- [Directions] Report every line below that carries the word "each".

- [Task data]
(* The complete bipartite graph $K_{4,4}$ is B-factorizable.
   Context: Let $V$ be a finite set with $|V|$ even. $K=\binom{V}{2}$ is the set of 2-element subsets of $V$. An equal partition of $V$ is an unordered pair $\{H,A\}$ of disjoint subsets with $H\cup A=V$ and $|H|=|A|=|V|/2$; $C=C(V)$ is the set of equal partitions. For $c=\{H,A\}\in C$, $B_c$ is the complete bipartite graph with parts $H$ and $A$. Vectors live in $\mathbb N^{K\cup C}$ with $\mathbb N=\{0,1,2,\dots\}$; $v|_K$ denotes the restriction to coordinates in $K$. For $E\subseteq K$, $\chi_E\in\{0,1\}^K$ is its indicator vector. For $E\subseteq K$ and $c\in C$, $\chi_{E,c}\in\mathbb N^{K\cup C}$ has $K$-components $\chi_E$ and $C$-components equal to the indicator of $c$. $PM(V)=\{\chi_{q,c}: c\in C,\ q\text{ a perfect matching of }B_c\}$. For $\mathcal M\subseteq\mathbb N^{K\cup C}$, $\mathbf N(\mathcal M)$ is the set of finite nonnegative integer combinations of elements of $\mathcal M$, and $\overline{\mathbf N}(\mathcal M)=\{v\in\mathbb N^{K\cup C}: kv\in\mathbf N(\mathcal M)\text{ for some integer }k\ge1\}$. A regular graph $G=(V,E)$ is B-factorizable if every $v\in\overline{\mathbf N}(PM(V))$ with $v|_K=\chi_E$ belongs to $\mathbf N(PM(V))$. *)

From mathcomp Require Import all_boot.
Set Implicit Arguments. Unset Strict Implicit. Unset Printing Implicit Defensive.

Definition Kt (V : finType) := {e : {set V} | #|e| == 2}.

(* C = equal partitions {H, A}, represented as the set of its two blocks *)
Definition is_eqpart (V : finType) (P : {set {set V}}) : bool :=
  [exists H : {set V}, (#|H|.*2 == #|V|) && (P == [set H; ~: H])].
Definition Ct (V : finType) := {P : {set {set V}} | is_eqpart P}.

Definition idx (V : finType) := (Kt V + Ct V)%type.
Definition vec (V : finType) := {ffun idx V -> nat}.

Definition chi (V : finType) (E : {set Kt V}) (e : Kt V) : nat := e \in E.

Definition chiEc (V : finType) (E : {set Kt V}) (c : Ct V) : vec V :=
  [ffun i => match i with inl e => nat_of_bool (e \in E)
                        | inr c' => nat_of_bool (c' == c) end].

(* q is a perfect matching of B_c: every edge of q joins the two blocks of c
   (meets each block in exactly one vertex), and every vertex lies in
   exactly one edge of q *)
Definition is_pm_of (V : finType) (c : Ct V) (q : {set Kt V}) : bool :=
  [forall e in q, forall X in val c, #|val e :&: X| == 1] &&
  [forall x : V, #|[set e in q | x \in val e]| == 1].

Definition PM (V : finType) : pred (vec V) :=
  fun v => [exists c : Ct V, exists q : {set Kt V}, is_pm_of c q && (v == chiEc q c)].

(* N(M): finite nonnegative integer combinations (sums of finite lists with repetition) *)
Definition NN (V : finType) (M : pred (vec V)) (v : vec V) : Prop :=
  exists s : seq (vec V), all M s /\ forall i, v i = \sum_(m <- s) m i.

Definition NNbar (V : finType) (M : pred (vec V)) (v : vec V) : Prop :=
  exists k : nat, 0 < k /\ NN M [ffun i => k * v i].

Definition B_factorizable (V : finType) (E : {set Kt V}) : Prop :=
  forall v : vec V, NNbar (@PM V) v -> (forall e : Kt V, v (inl e) = chi E e) ->
    NN (@PM V) v.

Definition Kbip (V : finType) (H : {set V}) : {set Kt V} :=
  [set e : Kt V | #|val e :&: H| == 1].

From mathcomp Require Import all_boot.
Set Implicit Arguments. Unset Strict Implicit. Unset Printing Implicit Defensive.

(* Number the vertices 0..7 with H = {0,..,3}: an
   edge is a pair (i, j) joining i to 4 + j, a perfect matching of K_{4,4} is a
   permutation s of {0,..,3}, and an equal partition c is a "label", the 8-bit
   indicator of the block containing 0; s is a perfect matching of B_c iff it
   "crosses" c.  If k v is a sum of PM generators and v|_K = chi_{K_{4,4}}, every
   generator lies in K_{4,4}, so the weights w c = v c satisfy (1) sum_c w c = 4
   (counting edges) and (2) sum_c w c * min_{s crossing c} |F /\ s| <= |F| for
   every edge set F.  So w is a multiset of four labels, and a computation over
   all C(38,4) of them shows that each either violates one of 98 listed
   inequalities (2), or admits one of the 24 1-factorizations of K_{4,4} into
   matchings crossing its four labels -- which writes v as a sum of four PM
   generators. *)

Fixpoint allbits (n : nat) : seq (seq bool) :=
  if n is n'.+1 then map (cons true) (allbits n') ++ map (cons false) (allbits n')
  else [:: [::]].
Fixpoint tuples (n m : nat) : seq (seq nat) :=
  if n is n'.+1 then flatten [seq map (cons i) (tuples n' m) | i <- iota 0 m]
  else [:: [::]].

Definition labels : seq (seq bool) :=
  [seq b <- allbits 8 | head false b && (count id b == 4)].
Definition perms4 : seq (seq nat) := [seq s <- tuples 4 4 | uniq s].
Definition all_edges : seq (nat * nat) := [seq (i, j) | i <- iota 0 4, j <- iota 0 4].

Definition hits (F : seq (nat * nat)) (s : seq nat) : nat :=
  count (fun e => nth 0 s e.1 == e.2) F.
(* The matching s is a perfect matching of B_c for the partition c labelled b. *)
Definition crossing (b : seq bool) (s : seq nat) : bool :=
  all (fun i => nth false b i != nth false b (4 + nth 0 s i)) (iota 0 4).
(* Least number of edges of F used by a perfect matching of B_c (16 if none). *)
Definition min_hits (F : seq (nat * nat)) (b : seq bool) : nat :=
  foldr minn 16 [seq hits F s | s <- perms4 & crossing b s].

Fixpoint expand_from (k : nat) (w : seq nat) : seq nat :=
  if w is x :: w' then nseq x k ++ expand_from k.+1 w' else [::].
Definition expand w := expand_from 0 w.

(* Edge sets F whose inequalities (2) exclude the non-decomposable multisets. *)
Definition ineqs : seq (seq (nat * nat)) := [::
  [:: (0, 0); (0, 1); (0, 3)]; [:: (0, 0); (0, 2); (0, 3)];
  [:: (0, 1); (0, 2); (0, 3)]; [:: (0, 0); (0, 1); (0, 2)];
  [:: (0, 0); (1, 0); (3, 0)]; [:: (1, 1); (1, 2); (1, 3)];
  [:: (0, 0); (1, 0); (2, 0)]; [:: (0, 1); (1, 1); (3, 1)];
  [:: (0, 2); (1, 2); (3, 2)]; [:: (0, 3); (1, 3); (3, 3)];
  [:: (1, 0); (1, 1); (1, 2)]; [:: (0, 3); (1, 3); (2, 3)];
  [:: (1, 0); (1, 1); (1, 3)]; [:: (1, 0); (1, 2); (1, 3)];
  [:: (0, 1); (1, 1); (2, 1)]; [:: (0, 2); (1, 2); (2, 2)];
  [:: (0, 0); (0, 1); (1, 0); (1, 1)]; [:: (1, 0); (1, 2); (3, 0); (3, 2)];
  [:: (2, 0); (2, 1); (3, 0); (3, 1)]; [:: (1, 1); (1, 3); (3, 1); (3, 3)];
  [:: (1, 0); (1, 3); (2, 0); (2, 3)]; [:: (0, 0); (0, 3); (3, 0); (3, 3)];
  [:: (1, 0); (1, 1); (3, 0); (3, 1)]; [:: (0, 0); (0, 2); (1, 0); (1, 2)];
  [:: (0, 1); (0, 3); (1, 1); (1, 3)]; [:: (1, 2); (1, 3); (3, 2); (3, 3)];
  [:: (0, 1); (0, 2); (1, 1); (1, 2)]; [:: (0, 0); (0, 3); (1, 0); (1, 3)];
  [:: (0, 0); (0, 1); (3, 0); (3, 1)]; [:: (1, 0); (1, 1); (2, 0); (2, 1)];
  [:: (1, 1); (1, 2); (3, 1); (3, 2)]; [:: (1, 0); (1, 3); (3, 0); (3, 3)];
  [:: (0, 0); (0, 2); (3, 0); (3, 2)]; [:: (0, 1); (0, 3); (3, 1); (3, 3)];
  [:: (2, 3)]; [:: (0, 0)]; [:: (0, 1)]; [:: (3, 0)]; [:: (0, 2)];
  [:: (3, 1)]; [:: (0, 3)]; [:: (1, 0)]; [:: (1, 1)]; [:: (1, 2)];
  [:: (1, 3)]; [:: (2, 0)]; [:: (2, 1)]; [:: (3, 2)]; [:: (2, 2)];
  [:: (3, 3)]; [:: (0, 0); (0, 1)]; [:: (0, 0); (0, 2)]; [:: (0, 0); (0, 3)];
  [:: (0, 1); (0, 2)]; [:: (0, 1); (0, 3)]; [:: (0, 2); (0, 3)];
  [:: (0, 3); (3, 3)]; [:: (0, 0); (1, 0)]; [:: (1, 0); (3, 0)];
  [:: (1, 1); (3, 1)]; [:: (0, 1); (1, 1)]; [:: (1, 0); (1, 1)];
  [:: (1, 2); (3, 2)]; [:: (0, 2); (1, 2)]; [:: (1, 0); (1, 2)];
  [:: (1, 1); (1, 2)]; [:: (0, 3); (2, 3)]; [:: (1, 3); (2, 3)];
  [:: (1, 3); (3, 3)]; [:: (0, 0); (3, 0)]; [:: (0, 3); (1, 3)];
  [:: (1, 0); (1, 3)]; [:: (1, 1); (1, 3)]; [:: (1, 2); (1, 3)];
  [:: (0, 0); (2, 0)]; [:: (2, 0); (2, 3)]; [:: (2, 0); (3, 0)];
  [:: (0, 1); (3, 1)]; [:: (1, 0); (2, 0)]; [:: (3, 0); (3, 1)];
  [:: (0, 1); (2, 1)]; [:: (2, 1); (2, 3)]; [:: (2, 1); (3, 1)];
  [:: (0, 2); (3, 2)]; [:: (1, 1); (2, 1)]; [:: (3, 0); (3, 2)];
  [:: (2, 0); (2, 1)]; [:: (3, 1); (3, 2)]; [:: (2, 2); (3, 2)];
  [:: (2, 2); (2, 3)]; [:: (0, 2); (2, 2)]; [:: (1, 2); (2, 2)];
  [:: (2, 3); (3, 3)]; [:: (3, 0); (3, 3)]; [:: (2, 0); (2, 2)];
  [:: (3, 1); (3, 3)]; [:: (2, 1); (2, 2)]; [:: (3, 2); (3, 3)]].

(* The 24 1-factorizations of K_{4,4}, each as a list of four matchings. *)
Definition factorizations : seq (seq (seq nat)) := [::
  [:: [:: 0; 1; 2; 3]; [:: 1; 0; 3; 2]; [:: 2; 3; 0; 1]; [:: 3; 2; 1; 0]];
  [:: [:: 0; 1; 2; 3]; [:: 1; 0; 3; 2]; [:: 2; 3; 1; 0]; [:: 3; 2; 0; 1]];
  [:: [:: 0; 1; 2; 3]; [:: 1; 2; 3; 0]; [:: 2; 3; 0; 1]; [:: 3; 0; 1; 2]];
  [:: [:: 0; 1; 2; 3]; [:: 1; 3; 0; 2]; [:: 2; 0; 3; 1]; [:: 3; 2; 1; 0]];
  [:: [:: 0; 1; 3; 2]; [:: 1; 0; 2; 3]; [:: 2; 3; 0; 1]; [:: 3; 2; 1; 0]];
  [:: [:: 0; 1; 3; 2]; [:: 1; 0; 2; 3]; [:: 2; 3; 1; 0]; [:: 3; 2; 0; 1]];
  [:: [:: 0; 1; 3; 2]; [:: 1; 2; 0; 3]; [:: 2; 3; 1; 0]; [:: 3; 0; 2; 1]];
  [:: [:: 0; 1; 3; 2]; [:: 1; 3; 2; 0]; [:: 2; 0; 1; 3]; [:: 3; 2; 0; 1]];
  [:: [:: 0; 2; 1; 3]; [:: 1; 0; 3; 2]; [:: 2; 3; 0; 1]; [:: 3; 1; 2; 0]];
  [:: [:: 0; 2; 1; 3]; [:: 1; 3; 0; 2]; [:: 2; 0; 3; 1]; [:: 3; 1; 2; 0]];
  [:: [:: 0; 2; 1; 3]; [:: 1; 3; 0; 2]; [:: 2; 1; 3; 0]; [:: 3; 0; 2; 1]];
  [:: [:: 0; 2; 1; 3]; [:: 1; 3; 2; 0]; [:: 2; 0; 3; 1]; [:: 3; 1; 0; 2]];
  [:: [:: 0; 2; 3; 1]; [:: 1; 0; 2; 3]; [:: 2; 3; 1; 0]; [:: 3; 1; 0; 2]];
  [:: [:: 0; 2; 3; 1]; [:: 1; 3; 0; 2]; [:: 2; 0; 1; 3]; [:: 3; 1; 2; 0]];
  [:: [:: 0; 2; 3; 1]; [:: 1; 3; 2; 0]; [:: 2; 0; 1; 3]; [:: 3; 1; 0; 2]];
  [:: [:: 0; 2; 3; 1]; [:: 1; 3; 2; 0]; [:: 2; 1; 0; 3]; [:: 3; 0; 1; 2]];
  [:: [:: 0; 3; 1; 2]; [:: 1; 0; 2; 3]; [:: 2; 1; 3; 0]; [:: 3; 2; 0; 1]];
  [:: [:: 0; 3; 1; 2]; [:: 1; 2; 0; 3]; [:: 2; 0; 3; 1]; [:: 3; 1; 2; 0]];
  [:: [:: 0; 3; 1; 2]; [:: 1; 2; 0; 3]; [:: 2; 1; 3; 0]; [:: 3; 0; 2; 1]];
  [:: [:: 0; 3; 1; 2]; [:: 1; 2; 3; 0]; [:: 2; 1; 0; 3]; [:: 3; 0; 2; 1]];
  [:: [:: 0; 3; 2; 1]; [:: 1; 0; 3; 2]; [:: 2; 1; 0; 3]; [:: 3; 2; 1; 0]];
  [:: [:: 0; 3; 2; 1]; [:: 1; 2; 0; 3]; [:: 2; 1; 3; 0]; [:: 3; 0; 1; 2]];
  [:: [:: 0; 3; 2; 1]; [:: 1; 2; 3; 0]; [:: 2; 0; 1; 3]; [:: 3; 1; 0; 2]];
  [:: [:: 0; 3; 2; 1]; [:: 1; 2; 3; 0]; [:: 2; 1; 0; 3]; [:: 3; 0; 1; 2]]].

Definition min_hits_table := [seq [seq min_hits F b | F <- ineqs] | b <- labels].
Definition ineq_sizes := [seq size F | F <- ineqs].
Fixpoint violated (sz r1 r2 r3 r4 : seq nat) : bool :=
  match sz, r1, r2, r3, r4 with
  | p :: sz', x1 :: r1', x2 :: r2', x3 :: r3', x4 :: r4' =>
      (p < x1 + x2 + x3 + x4) || violated sz' r1' r2' r3' r4'
  | _, _, _, _, _ => false end.

Definition crossing_table :=
  [seq [seq [seq crossing b s | s <- D] | D <- factorizations] | b <- labels].
(* Backtracking search for an injective choice of a matching (index < 4) for
   each of four labels, given the boolean rows of admissible matchings. *)
Definition assign4 (x1 x2 x3 x4 : seq bool) : option (seq nat) :=
  let fix go (xs : seq (seq bool)) (used : seq nat) : option (seq nat) :=
    match xs with
    | [::] => Some (rev used)
    | x :: xs' =>
      let fix try (js : seq nat) := match js with
        | [::] => None
        | j :: js' => if nth false x j && (j \notin used) then
                        (if go xs' (j :: used) is Some r then Some r else try js')
                      else try js' end in try [:: 0; 1; 2; 3] end in
  go [:: x1; x2; x3; x4] [::].
Fixpoint find_factorization (Ds : seq (seq (seq nat))) (r1 r2 r3 r4 : seq (seq bool))
  : option (seq (seq nat) * seq nat) :=
  match Ds, r1, r2, r3, r4 with
  | D :: Ds', x1 :: r1', x2 :: r2', x3 :: r3', x4 :: r4' =>
      if assign4 x1 x2 x3 x4 is Some p then Some (D, p)
      else find_factorization Ds' r1' r2' r3' r4'
  | _, _, _, _, _ => None end.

- [Expected output]
   (meets each block in exactly one vertex), and every vertex lies in
   all C(38,4) of them shows that each either violates one of 98 listed
(* The 24 1-factorizations of K_{4,4}, each as a list of four matchings. *)
   each of four labels, given the boolean rows of admissible matchings. *)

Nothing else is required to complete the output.